Date of Award:

1975

Document Type:

Dissertation

Degree Name:

Doctor of Philosophy (PhD)

Department:

Plants, Soils, and Climate

Advisor/Chair:

David R. Walker

Abstract

The effects of temperature, defoliation, light, and certain fall cultural practices on rest and hardiness of Gleason Elberta peach buds were studied. The influence of these factors on abscisic acid concentration in peach buds and a possible role of ABA in rest and hardiness of peach buds were also investigated.

Peach leaf buds enter rest in early fall, reach a rest intensity peak in early winter, then break rest as a chilling requirement is met.
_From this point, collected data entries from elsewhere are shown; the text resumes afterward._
(* Let $S$ be a straight left I-order in an inverse semigroup $Q$, and let $a,b,c,d\in S$ with $a\,\mathcal{R}^Q\,b$ and $c\,\mathcal{R}^Q\,d$. Then $a^{-1}b=c^{-1}d$ in $Q$ if and only if there exist $x,y\in S$ such that \[xa=yc,\quad xb=yd,\quad x\,\mathcal{R}^Q\,xa\,\mathcal{L}^Q\,a,\quad y\,\mathcal{R}^Q\,yc\,\mathcal{L}^Q\,c.\]
   Context: $a^{-1}$ is the unique inverse of $a$ in $Q$; $\mathcal{R}^Q,\mathcal{L}^Q$ are Green's relations of $Q$. A subsemigroup $S$ of $Q$ is a straight left I-order in $Q$ if every $q\in Q$ can be written $q=a^{-1}b$ with $a,b\in S$ and $a\,\mathcal{R}^Q\,b$. *)

Record InverseSemigroup := {
  carrier :> Type;
  mul : carrier -> carrier -> carrier;
  inv : carrier -> carrier;
  mul_assoc : forall x y z, mul x (mul y z) = mul (mul x y) z;
  inv_l : forall a, mul (mul a (inv a)) a = a;
  inv_r : forall a, mul (mul (inv a) a) (inv a) = inv a;
  inv_unique : forall a b, mul (mul a b) a = a -> mul (mul b a) b = b -> b = inv a
}.

Arguments mul {_} _ _.
Arguments inv {_} _.

Section Green.
Variable Q : InverseSemigroup.

(** Green's R-relation: a Q^1 = b Q^1. *)
Definition greenR (a b : Q) : Prop :=
  (a = b \/ exists u : Q, a = mul b u) /\ (b = a \/ exists u : Q, b = mul a u).

(** Green's L-relation: Q^1 a = Q^1 b. *)
Definition greenL (a b : Q) : Prop :=
  (a = b \/ exists u : Q, a = mul u b) /\ (b = a \/ exists u : Q, b = mul u a).

Definition subsemigroup (S : Q -> Prop) : Prop :=
  forall a b, S a -> S b -> S (mul a b).

Definition straight_left_I_order (S : Q -> Prop) : Prop :=
  subsemigroup S /\
  forall q : Q, exists a b : Q, S a /\ S b /\ greenR a b /\ q = mul (inv a) b.
End Green.

Arguments greenR {Q} _ _.
Arguments greenL {Q} _ _.
Arguments subsemigroup {Q} _.
Arguments straight_left_I_order {Q} _.

(* When a R b, (a^-1 b)(a^-1 b)^-1 = a^-1 a, so equal quotients force
   a^-1 a = c^-1 c.  Writing a c^-1 = x^-1 y with x R y in S, one gets
   y = x a c^-1, hence x a = y c and x b = y d, and each Green relation is
   witnessed by an explicit factorisation.  Conversely, x a L a gives
   a (x a)^-1 (x a) = a, which lets x be cancelled:
   (x a)^-1 (x b) = a^-1 b. *)

From Stdlib Require Import Setoid.

Section InverseSemigroupTheory.
Variable Q : InverseSemigroup.

Local Infix "*" := (@mul Q).
Local Notation "x ^-1" := (@inv Q x) (at level 2, left associativity, format "x ^-1").

Ltac by_assoc := repeat rewrite mul_assoc; reflexivity.

Lemma mulKVl (w a : Q) : w * a * a^-1 * a = w * a.
Proof. rewrite <- !mul_assoc, (mul_assoc _ a), inv_l. reflexivity. Qed.

Lemma invK (a : Q) : a^-1^-1 = a.
Proof. symmetry. apply inv_unique; [apply inv_r | apply inv_l]. Qed.

Lemma inv_idem (e : Q) : e * e = e -> e^-1 = e.
Proof. intro He. symmetry. apply inv_unique; rewrite He; exact He. Qed.

Lemma idem_mul (e f : Q) : e * e = e -> f * f = f -> (e * f) * (e * f) = e * f.
Proof.
  intros He Hf.
  set (z := (e * f)^-1).
  assert (Hz1 : e * f * z * (e * f) = e * f) by apply inv_l.
  assert (Hz2 : z * (e * f) * z = z) by apply inv_r.
  (* f z e is another inverse of e f *)
  assert (Hfze : f * z * e = z).
  { apply inv_unique.
    - transitivity (e * f * z * (e * f)); [| exact Hz1].
      transitivity (e * (f * f) * z * (e * e) * f); [by_assoc |].
      rewrite He, Hf. by_assoc.
    - transitivity (f * (z * (e * f) * z) * e); [| rewrite Hz2; reflexivity].
      transitivity (f * z * (e * e) * (f * f) * z * e); [by_assoc |].
      rewrite He, Hf. by_assoc. }
  assert (Hzz : z * z = z).
  { rewrite <- Hfze at 1 2.
    transitivity (f * (z * (e * f) * z) * e); [by_assoc |].
    rewrite Hz2. exact Hfze. }
  assert (Hef : e * f = z).
  { rewrite <- (inv_idem z Hzz). apply inv_unique; [exact Hz2 | exact Hz1]. }
  rewrite Hef. exact Hzz.
Qed.

Lemma idem_comm (e f : Q) : e * e = e -> f * f = f -> e * f = f * e.
Proof.
  intros He Hf.
  assert (Hef := idem_mul e f He Hf).
  assert (Hfe := idem_mul f e Hf He).
  rewrite <- (inv_idem _ Hef). symmetry. apply inv_unique.
  - transitivity (e * (f * f) * (e * e) * f); [by_assoc |].
    rewrite He, Hf. rewrite <- Hef at 2. by_assoc.
  - transitivity (f * (e * e) * (f * f) * e); [by_assoc |].
    rewrite He, Hf. rewrite <- Hfe at 2. by_assoc.
Qed.

Lemma invM (p q : Q) : (p * q)^-1 = q^-1 * p^-1.
Proof.
  assert (Hp : p^-1 * p * (p^-1 * p) = p^-1 * p).
  { rewrite mul_assoc, inv_r. reflexivity. }
  assert (Hq : q * q^-1 * (q * q^-1) = q * q^-1).
  { rewrite mul_assoc, inv_l. reflexivity. }
  symmetry. apply inv_unique.
  - transitivity (p * (q * q^-1 * (p^-1 * p)) * q); [by_assoc |].
    rewrite (idem_comm _ _ Hq Hp).
    transitivity (p * p^-1 * p * (q * q^-1 * q)); [by_assoc |].
    rewrite !inv_l. reflexivity.
  - transitivity (q^-1 * (p^-1 * p * (q * q^-1)) * p^-1); [by_assoc |].
    rewrite (idem_comm _ _ Hp Hq).
    transitivity (q^-1 * q * q^-1 * (p^-1 * p * p^-1)); [by_assoc |].
    rewrite !inv_r. reflexivity.
Qed.

Lemma greenR_sym (a b : Q) : greenR a b -> greenR b a.
Proof. intros [H1 H2]. split; assumption. Qed.

Lemma greenL_sym (a b : Q) : greenL a b -> greenL b a.
Proof. intros [H1 H2]. split; assumption. Qed.

Lemma greenR_mulVl (a b : Q) : greenR a b -> b * b^-1 * a = a.
Proof.
  intros [[-> | [u ->]] _].
  - apply inv_l.
  - rewrite mul_assoc, inv_l. reflexivity.
Qed.

Lemma greenL_mulVr (a b : Q) : greenL a b -> a * b^-1 * b = a.
Proof.
  intros [[-> | [u ->]] _].
  - apply inv_l.
  - apply mulKVl.
Qed.

Lemma greenR_intro (a b u v : Q) : a = b * u -> b = a * v -> greenR a b.
Proof. intros Ha Hb. split; right; eauto. Qed.

Lemma greenL_intro (a b u v : Q) : a = u * b -> b = v * a -> greenL a b.
Proof. intros Ha Hb. split; right; eauto. Qed.

Lemma ldiv_mulV (a b : Q) : greenR a b -> (a^-1 * b) * (a^-1 * b)^-1 = a^-1 * a.
Proof.
  intro Hab. rewrite invM, invK.
  transitivity (a^-1 * (b * b^-1 * a)); [by_assoc |].
  rewrite (greenR_mulVl a b Hab). reflexivity.
Qed.

Lemma mul_ldiv (a b : Q) : greenR a b -> a * (a^-1 * b) = b.
Proof.
  intro Hab. rewrite mul_assoc.
  exact (greenR_mulVl b a (greenR_sym a b Hab)).
Qed.

Lemma ldiv_mull (a b x : Q) : greenR a b -> greenL (x * a) a ->
  (x * a)^-1 * (x * b) = a^-1 * b.
Proof.
  intros Hab Hxa.
  rewrite invM.
  transitivity (a^-1 * (a * (x * a)^-1 * (x * a)) * a^-1 * b).
  - rewrite invM.
    transitivity (a^-1 * a * a^-1 * x^-1 * x * (a * (a^-1 * b))); [| by_assoc].
    rewrite inv_r, (mul_ldiv a b Hab). by_assoc.
  - rewrite (greenL_mulVr a (x * a) (greenL_sym _ _ Hxa)), inv_r. reflexivity.
Qed.

Lemma common_left_multiple (a c x y : Q) :
  a^-1 * a = c^-1 * c -> greenR x y -> x^-1 * y = a * c^-1 ->
  x * a = y * c /\ greenR x (x * a) /\ greenL (x * a) a.
Proof.
  intros Hac Hxy Hq.
  assert (Hy : y = x * (a * c^-1)).
  { rewrite <- Hq, mul_assoc. symmetry. exact (greenR_mulVl y x (greenR_sym x y Hxy)). }
  assert (Hxa : x * a = y * c).
  { rewrite Hy. symmetry.
    transitivity (x * (a * (c^-1 * c))); [by_assoc |].
    rewrite <- Hac, !mul_assoc, mulKVl. reflexivity. }
  split; [exact Hxa | split].
  - apply (greenR_intro x (x * a) (c^-1 * y^-1 * x) a); [| reflexivity].
    rewrite <- (greenR_mulVl x y Hxy) at 1. rewrite Hy at 1. by_assoc.
  - apply (greenL_intro (x * a) a x x^-1); [reflexivity |].
    transitivity (a * (c^-1 * c)).
    + rewrite <- Hac, mul_assoc, inv_l. reflexivity.
    + rewrite Hxa, mul_assoc, <- Hq. by_assoc.
Qed.

End InverseSemigroupTheory.

Theorem lemma3p4 (Q : InverseSemigroup) (S : Q -> Prop)
  (HS : straight_left_I_order S)
  (a b c d : Q) (Ha : S a) (Hb : S b) (Hc : S c) (Hd : S d)
  (Hab : greenR a b) (Hcd : greenR c d) :
  mul (inv a) b = mul (inv c) d <->
  exists x y : Q, S x /\ S y /\
    mul x a = mul y c /\ mul x b = mul y d /\
    greenR x (mul x a) /\ greenL (mul x a) a /\
    greenR y (mul y c) /\ greenL (mul y c) c.
Proof.
  destruct HS as [_ Hdecomp]. split.
  - intro Heq.
    assert (Hac : mul (inv a) a = mul (inv c) c).
    { rewrite <- (ldiv_mulV Q a b Hab), <- (ldiv_mulV Q c d Hcd), Heq. reflexivity. }
    destruct (Hdecomp (mul a (inv c))) as [x [y [Sx [Sy [Hxy Hq]]]]].
    assert (Hq' : mul (inv y) x = mul c (inv a)).
    { transitivity (inv (mul (inv x) y)).
      - rewrite invM, invK. reflexivity.
      - rewrite <- Hq, invM, invK. reflexivity. }
    destruct (common_left_multiple Q a c x y Hac Hxy (eq_sym Hq)) as [Hxa [Rx Lx]].
    destruct (common_left_multiple Q c a y x (eq_sym Hac) (greenR_sym Q x y Hxy) Hq')
      as [_ [Ry Ly]].
    assert (Hxb : mul x b = mul y d).
    { rewrite <- (mul_ldiv Q a b Hab), <- (mul_ldiv Q c d Hcd), Heq, !mul_assoc, Hxa.
      reflexivity. }
    exists x, y. tauto.
  - intros [x [y [_ [_ [Hxa [Hxb [_ [Lx [_ Ly]]]]]]]]].
    rewrite <- (ldiv_mull Q a b x Hab Lx), <- (ldiv_mull Q c d y Hcd Ly), Hxa, Hxb.
    reflexivity.
Qed.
Complete defoliation before rest has begun will cause some leaf and flower buds to grow, while defoliation after rest has begun will not cause visible bud growth.

Effective chill-unit accumulation in the fall apparently did not begin until after a certain amount of leaf abscission had occurred. A GA3 application on August 15, 1974, delayed leaf abscission, and also caused an extension of the rest period. Early fall defoliation was correlated with a reduction in rest intensity and a reduction in the rest period of leaf buds.

A result of this study indicates the possibility of the existence of a rest promoting substance that was apparently translocated from a side of a tree exposed to ambient temperatures to a warm greenhouse covered side.

Decreasing temperatures caused an increase in flower bud hardiness, however, other factors also had effects on hardiness.

An extended day-length treatment caused flower buds to acclimate more slowly than those on untreated trees during the early fall period. The light affect was not evident as colder temperatures prevailed.

Buds on trees that were kept warm, acclimated to the same level as buds on trees kept at cooler but non freezing temperatures. However, it took the warm buds approximately four months longer to acclimate. Buds on trees that were exposed to below freezing temperatures acclimated to a much lower level than those on trees not exposed to freezing temperatures.

Fall pruning and heavy fertilization with ammonium nitrate did not reduce cold hardiness enough to be measured. However, buds on vigorous, large diameter twigs were more hardy during the early winter period than buds on twigs of smaller diameter.

The August 15 and September 19 GA3 treated trees and the early defoliated trees had a delay in acclimation during the fall period, although they did eventually acclimate to the same level as the untreated buds.

Abscisic acid concentration in peach leaf and flower buds was low before rest began, increased sharply during the rest inception period, and decreased in concentration before the end of rest. ABA may be a controlling factor in the inception of rest in peach.

There was no apparent relationship between ABA concentration and cold hardiness of Gleason Elberta peach flower buds.